The BBC chorus’s part in Fiat Lux was mainly, though not entirely, in Latin. MacMillan, as a deep-thinking Roman Catholic, has no trouble in working in this language, and his symphonies and concertos often bear Latin titles. Fiat Lux — “Let There Be Light” — belongs among his finest works to date. It is scored for large orchestra, large chorus, and two soloists. Both — soprano (Mary Bevan) and baritone (Roderick Williams) — delivered superlative performances.

In Part Four, the baritone intones “You are the Light of the World” (described as an arioso), in one of the five sections in which, as so often before, the composer reveals phenomenal skill in the deployment of percussion (plus harp and celesta) — also evident where it underscores or battles the chorus in the third section.

The soprano is given rein, both opening the third section (“Litany of Light”) and in the fourth. She pairs appealingly with her opposite number twice, as in the section “Hymn: Cathedral of Light”.

A salient fact about MacMillan is his endless ability to avoid cliché: though he is steeped in great musical works of the past, we hear his distinctive voice.

The opening movement is extraordinarily dark and mysterious. The fourth demonstrates a miraculous use of soft percussion. The third is positively explosive: Macmillan has written excitingly at full belt ever since one of his most massive early works, Into the Ferment (now happily recorded on Chandos). Part Three turns into a remarkable dancing mode: contrast is something that he learned early.

The occasion was special, not just because MacMillan was being awarded a Fellowship of the Ivors Academy (following John Rutter last November), but because the rest of the programme consisted of works chosen by and, he explained, influential for him. He conducted possibly an apt forerunner, a very late 15-minute work by the Finnish composer Einojuhani Rautavaara (1928-2016) (which I found dull and repetitive, however), and elicited from the orchestra a stunning reading of the Estonian Arvo Pärt’s Cantus in Memory of Benjamin Britten, written in 1977, the year after Britten died. It was a deeply moving highlight of this concert.

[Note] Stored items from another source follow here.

(* Let $\mathcal{M}=(\mathcal{S},\mathcal{A},\mathcal{P},r,p_0)$ be an infinite-horizon MDP as described in the context, let $D\in\mathbb{N}$, let $\gamma_0,\dots,\gamma_D\in(0,1)$, and let $\pi$ be a stationary policy. For $d\in\{0,\dots,D\}$ let $$Q_d^\pi(s,a):=\mathbb{E}_\pi\Big[\sum_{t=0}^\infty \Phi_d(t)\, r(s_t,a_t)\,\Big|\, s_0=s,a_0=a\Big].$$ Define the operator $T_\pi^D$ on bounded functions $q:\mathcal{S}\times\mathcal{A}\to\mathbb{R}$ by $$[T_\pi^D(q)](s,a)= r_D^\pi(s,a)+\gamma_D\,\mathbb{E}_{s'\sim\mathcal{P}(s,a),\,a'\sim\pi(s')}\big[q(s',a')\big],\qquad r_D^\pi(s,a):=\mathbb{E}_{s'\sim\mathcal{P}(s,a),\,a'\sim\pi(s')}\Big[r(s,a)+\sum_{d=0}^{D-1}\gamma_d\,Q_d^\pi(s',a')\Big].$$ Then $T_\pi^D$ is a $\gamma_D$-contraction and $Q_D^\pi$ is its unique fixed point.
   Context: $\mathcal{S}\subseteq\mathbb{R}^{k}$ and $\mathcal{A}\subseteq\mathbb{R}^{k'}$ are finite or compact sets, $\mathcal{P}:\mathcal{S}\times\mathcal{A}\to\Delta(\mathcal{S})$ is a transition kernel, $r:\mathcal{S}\times\mathcal{A}\to\mathbb{R}$ is a continuous reward function, $p_0\in\Delta(\mathcal{S})$ an initial distribution. $\mathbb{E}_\pi$ denotes expectation over trajectories $(s_t,a_t)_{t\ge0}$ with $s_{t+1}\sim\mathcal{P}(s_t,a_t)$ and $a_t\sim\pi(s_t)$ for $t\ge1$. For discount factors $\gamma_0,\dots,\gamma_D\in(0,1)$ and $d\le D$, the delayed weights are $$\Phi_d(t):=\sum_{\substack{(a_0,\dots,a_d)\in\mathbb{N}^{d+1}\\ a_0+\dots+a_d=t}}\ \prod_{i=0}^{d}\gamma_i^{a_i},\qquad t\in\mathbb{N},$$ so that $\Phi_0(t)=\gamma_0^t$. Contraction is with respect to the supremum norm. *)

From HB Require Import structures.
From mathcomp Require Import all_boot all_order all_algebra.
From mathcomp Require Import all_classical all_reals.
From mathcomp Require Import ereal topology normedtype sequences measure.
From mathcomp Require Import lebesgue_measure lebesgue_integral kernel.

Set Implicit Arguments.
Unset Strict Implicit.
Unset Printing Implicit Defensive.
Import Order.TTheory GRing.Theory Num.Theory.
Local Open Scope ring_scope.
Local Open Scope classical_set_scope.

(* Delayed weights: Phi_d(t) = sum over (a_0,...,a_d) in N^{d+1} with
   a_0+...+a_d = t of prod_i gamma_i^{a_i}.  Since each a_i <= t, we range
   over finite functions 'I_(d+1) -> 'I_(t+1). *)
Definition Phi (R : realType) (gamma : nat -> R) (d t : nat) : R :=
  \sum_(a : {ffun 'I_d.+1 -> 'I_t.+1} | (\sum_(i < d.+1) (a i : nat))%N == t)
     \prod_(i < d.+1) gamma (i : nat) ^+ (a i : nat).

Section mdp.
Context (R : realType) (d1 d2 : measure_display)
  (S : measurableType d1) (A : measurableType d2).

Definition next_exp (P : R.-pker (S * A)%type ~> S) (pi : R.-pker S ~> A)
    (q : S * A -> R) (sa : S * A) : R :=
  fine (\int[P sa]_s' \int[pi s']_a' (q (s', a'))%:E)%E.

(* E_pi[ r(s_t,a_t) | s_0 = s, a_0 = a ] = (next_exp^t r)(s,a) *)
Definition step_exp (P : R.-pker (S * A)%type ~> S) (pi : R.-pker S ~> A)
    (r : S * A -> R) (t : nat) : S * A -> R :=
  iter t (next_exp P pi) r.

Definition Qd (P : R.-pker (S * A)%type ~> S) (pi : R.-pker S ~> A)
    (r : S * A -> R) (gamma : nat -> R) (d : nat) (sa : S * A) : R :=
  limn (fun n => \sum_(0 <= t < n) Phi gamma d t * step_exp P pi r t sa).

Definition rD (P : R.-pker (S * A)%type ~> S) (pi : R.-pker S ~> A)
    (r : S * A -> R) (gamma : nat -> R) (D : nat) (sa : S * A) : R :=
  next_exp P pi
    (fun sa' => r sa + \sum_(0 <= d < D) gamma d * Qd P pi r gamma d sa') sa.

Definition TD (P : R.-pker (S * A)%type ~> S) (pi : R.-pker S ~> A)
    (r : S * A -> R) (gamma : nat -> R) (D : nat) (q : S * A -> R)
    (sa : S * A) : R :=
  rD P pi r gamma D sa + gamma D * next_exp P pi q sa.
(* Let $m$ be an odd integer with $m\geq 7$, and let $p'$ be the smallest odd prime not dividing $m$. Then $p' < 0.6\cdot m$. *)

From mathcomp Require Import all_boot.

From mathcomp Require Import all_boot.
From mathcomp Require Import zify.

(* Write m = 2n + 1. Both n and n + 1 are coprime to m, and one of them is odd;
   its smallest prime factor is an odd prime not dividing m, so
   p' <= n + 1 = (m + 1) / 2, which is below 0.6 m as soon as m > 5. *)

Lemma odd_coprime_near_half (m : nat) :
  odd m -> exists2 k, odd k && coprime k m & m.-1 <= k.*2 <= m.+1.
Proof.
move=> odd_m; have m_eq : m = (m./2).*2 + 1 by rewrite -[LHS]odd_double_half odd_m addnC.
set n := m./2 in m_eq.
have cop_n : coprime n m by rewrite /coprime m_eq -muln2 mulnC gcdnMDl gcdn1.
have cop_n1 : coprime n.+1 m.
  rewrite coprime_sym; apply: coprime_dvdr (coprimenS m).
  by apply/dvdnP; exists 2; lia.
case odd_n: (odd n).
- by exists n; [rewrite odd_n cop_n | lia].
- by exists n.+1; [rewrite /= odd_n cop_n1 | lia].
Qed.

Lemma least_odd_prime_nondvd_le {m p' k : nat} :
  (forall q : nat, prime q -> odd q -> ~~ (q %| m) -> p' <= q) ->
  1 < k -> odd k -> coprime k m -> p' <= k.
Proof.
move=> p'_min k_gt1 odd_k cop_k.
have pdiv_k := pdiv_dvd k.
apply: leq_trans (dvdn_leq (ltnW k_gt1) pdiv_k).
apply: p'_min; first exact: pdiv_prime.
  exact: dvdn_odd pdiv_k odd_k.
by rewrite -prime_coprime ?pdiv_prime // (coprime_dvdl pdiv_k).
Qed.

Theorem mainTheorem3 (m p' : nat) :
  odd m -> 7 <= m ->
  prime p' -> odd p' -> ~~ (p' %| m) ->
  (forall q : nat, prime q -> odd q -> ~~ (q %| m) -> p' <= q) ->
  10 * p' < 6 * m.
Proof.
move=> odd_m m_ge7 _ _ _ p'_min.
have [k /andP[odd_k cop_k] /andP[k_lb k_ub]] := odd_coprime_near_half m odd_m.
have : p' <= k by apply: (least_odd_prime_nondvd_le p'_min _ odd_k cop_k); lia.
lia.
Qed.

Ending the first half, there was a superb choice: Britten’s Sinfonia da Requiem. All too rarely heard, it is — like his Violin Concerto or his song cycle Our Hunting Fathers — to be counted among the works at the apex of his non-operatic output.

In this truly uplifting concert, the BBC’s chorus, meticulously trained by Neil Ferris, was on its toes, undeniably confident, and equally expressive in Latin or English in MacMillan’s latest masterpiece.